Snow covered log cabins, ice skating on winter afternoons, hot chocolate with marshmallows and peppermint sticks. Christmas mornings were cinnamon rolls around a tree and gifts that were mostly homemade, in stockings that my mother had crocheted before we were born.

I got a new baby doll every year until I was 14. That last year I BEGGED my parents to please give me one more, even though I was solidly too big. I still have her. She smelled like baby powder straight out of the package and had those eyes that rolled back and forth from asleep to awake.

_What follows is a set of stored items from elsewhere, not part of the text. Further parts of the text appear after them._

(* (1) Let $K\ge 2$ and $N\ge K+1$, and let $F\in\mathcal F_K\setminus\mathcal F_K^{\mathrm{in}}$. If $Q\in\mathcal Q_K^{\mathrm{an}}$ contains a column $Q_{\star i}$ with $Q_{ki}>0$ for all $k\in\{1,\dots,K\}$, then there is $Q^2\in\mathcal Q_K^{\mathrm{an}}$ such that $FQ=FQ^2$ but $(F,Q)\not\sim(F,Q^2)$. (2) Let $K\ge 2$, let $F\in\mathcal F_K^{\mathrm{in}}$ and $Q\in\mathcal Q_K$, and suppose there are a column index $k_0$ and $0<\delta<1/2$ with $\delta\le F_{sk_0}\le 1-\delta$ for all $s\in\{1,\dots,M\}$. Then there are $Q^2\in\mathcal Q_K\setminus\mathcal Q_K^{\mathrm{an}}$ and $F^2\in\mathcal F_K^{\mathrm{in}}$ such that $FQ=F^2Q^2$ but $(F,Q)\not\sim(F^2,Q^2)$. Moreover $Q^2$ can be chosen so that $\{k: e_k \text{ is a column of } Q^2\}=\{k: e_k\text{ is a column of }Q\}\setminus\{k_0\}$.
   Context: Fix positive integers $M$ and $N$. For a positive integer $K$, $\mathcal F_K$ is the set of real $M\times K$ matrices with all entries in $[0,1]$, and $\mathcal Q_K$ is the set of real $K\times N$ matrices with entries in $[0,1]$ each of whose columns sums to $1$. $e_k$ denotes the $k$-th standard basis vector of $\mathbb R^K$, and $A_{\star j}$ denotes the $j$-th column of a matrix $A$. $\mathcal Q_K^{\mathrm{an}}$ is the set of $Q\in\mathcal Q_K$ such that for every $k\in\{1,\dots,K\}$ there is $i$ with $Q_{\star i}=e_k$. $\mathcal F_K^{\mathrm{in}}$ is the set of $F\in\mathcal F_K$ such that $F_{\star 1}-F_{\star K},\dots,F_{\star K-1}-F_{\star K}$ are linearly independent. $(F^1,Q^1)\sim(F^2,Q^2)$ means $F^1,F^2$ have the same number $K$ of columns and there is a permutation $\pi$ of $\{1,\dots,K\}$ with $F^2_{sk}=F^1_{s\pi(k)}$ and $Q^2_{ki}=Q^1_{\pi(k)i}$ for all $s,k,i$. *)

From HB Require Import structures.
From mathcomp Require Import all_boot all_order all_algebra.
From mathcomp Require Import reals.
From mathcomp Require Import fingroup perm.
Set Implicit Arguments. Unset Strict Implicit. Unset Printing Implicit Defensive.
Import Order.TTheory GRing.Theory Num.Theory.
Local Open Scope ring_scope.

Section Defs.
Variable R : realType.

Definition e_vec (K : nat) (k : 'I_K) : 'cV[R]_K := delta_mx k (0 : 'I_1).

Definition inF (M K : nat) (F : 'M[R]_(M, K)) : Prop :=
  forall s k, 0 <= F s k <= 1.

Definition inQ (K N : nat) (Q : 'M[R]_(K, N)) : Prop :=
  (forall k i, 0 <= Q k i <= 1) /\ (forall i, \sum_(k < K) Q k i = 1).

Definition has_col_e (K N : nat) (Q : 'M[R]_(K, N)) (k : 'I_K) : Prop :=
  exists i : 'I_N, col i Q = e_vec k.

Definition inQan (K N : nat) (Q : 'M[R]_(K, N)) : Prop :=
  inQ Q /\ forall k : 'I_K, has_col_e Q k.

(* F_K^in : F in F_K with F_{*1}-F_{*K}, ..., F_{*K-1}-F_{*K} linearly
   independent.  [j] is the last column index (value K-1). *)
Definition inFin (M K : nat) (F : 'M[R]_(M, K)) : Prop :=
  inF F /\
  forall j : 'I_K, val j = K.-1 ->
  forall c : 'I_K -> R,
    (forall s : 'I_M, \sum_(k < K | (val k < K.-1)%N) c k * (F s k - F s j) = 0) ->
    forall k : 'I_K, (val k < K.-1)%N -> c k = 0.

Definition equivFQ (M K N : nat) (F1 : 'M[R]_(M, K)) (Q1 : 'M[R]_(K, N))
  (F2 : 'M[R]_(M, K)) (Q2 : 'M[R]_(K, N)) : Prop :=
  exists pi : {perm 'I_K},
    (forall s k, F2 s k = F1 s (pi k)) /\ (forall k i, Q2 k i = Q1 (pi k) i).

End Defs.

From HB Require Import structures.
From mathcomp Require Import all_boot all_order all_algebra.
From mathcomp Require Import reals.
From mathcomp Require Import fingroup perm.
From mathcomp Require Import zify ring lra.
From Stdlib Require Import Classical.
Set Implicit Arguments. Unset Strict Implicit. Unset Printing Implicit Defensive.
Import Order.TTheory GRing.Theory Num.Theory.
Local Open Scope ring_scope.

When I was seven, I got a doll house (that I also still have, I rehabbed it and gave it to Hannah when she was 7… this winter when we were in New Hampshire for four months it was the one thing she got out of storage and enjoyed again, at 17.5) They found it in a pile of trash by the roadside. My Mom and Gram spent a month of late nights bringing it back to life: yellow plastic siding, black paper shingles that were diamond shape and curled up slightly, new wall paper in the tiniest floral prints: yellow in the kitchen, blue in the bedroom. Rugs were painted on the floors, tiny trim was added around door frames. My mother made three miniature stained glass lamps to hang from the ceilings, of real glass, just like the Tiffany lamps she made for our house. There was a television made from one of my Dad’s old plastic razor cases and a claw footed ceramic tub in the little bathroom. Even as a child I loved a bath tub. I was enthralled.

I got a new pair of snow white figure skates when I was 16, the first new pair I’d ever owned. I sing when I ice skate… humming the skater’s waltz, usually. I convinced my children that they could skate perfectly well, even on the first try, if they would just sing it. It works. I promise.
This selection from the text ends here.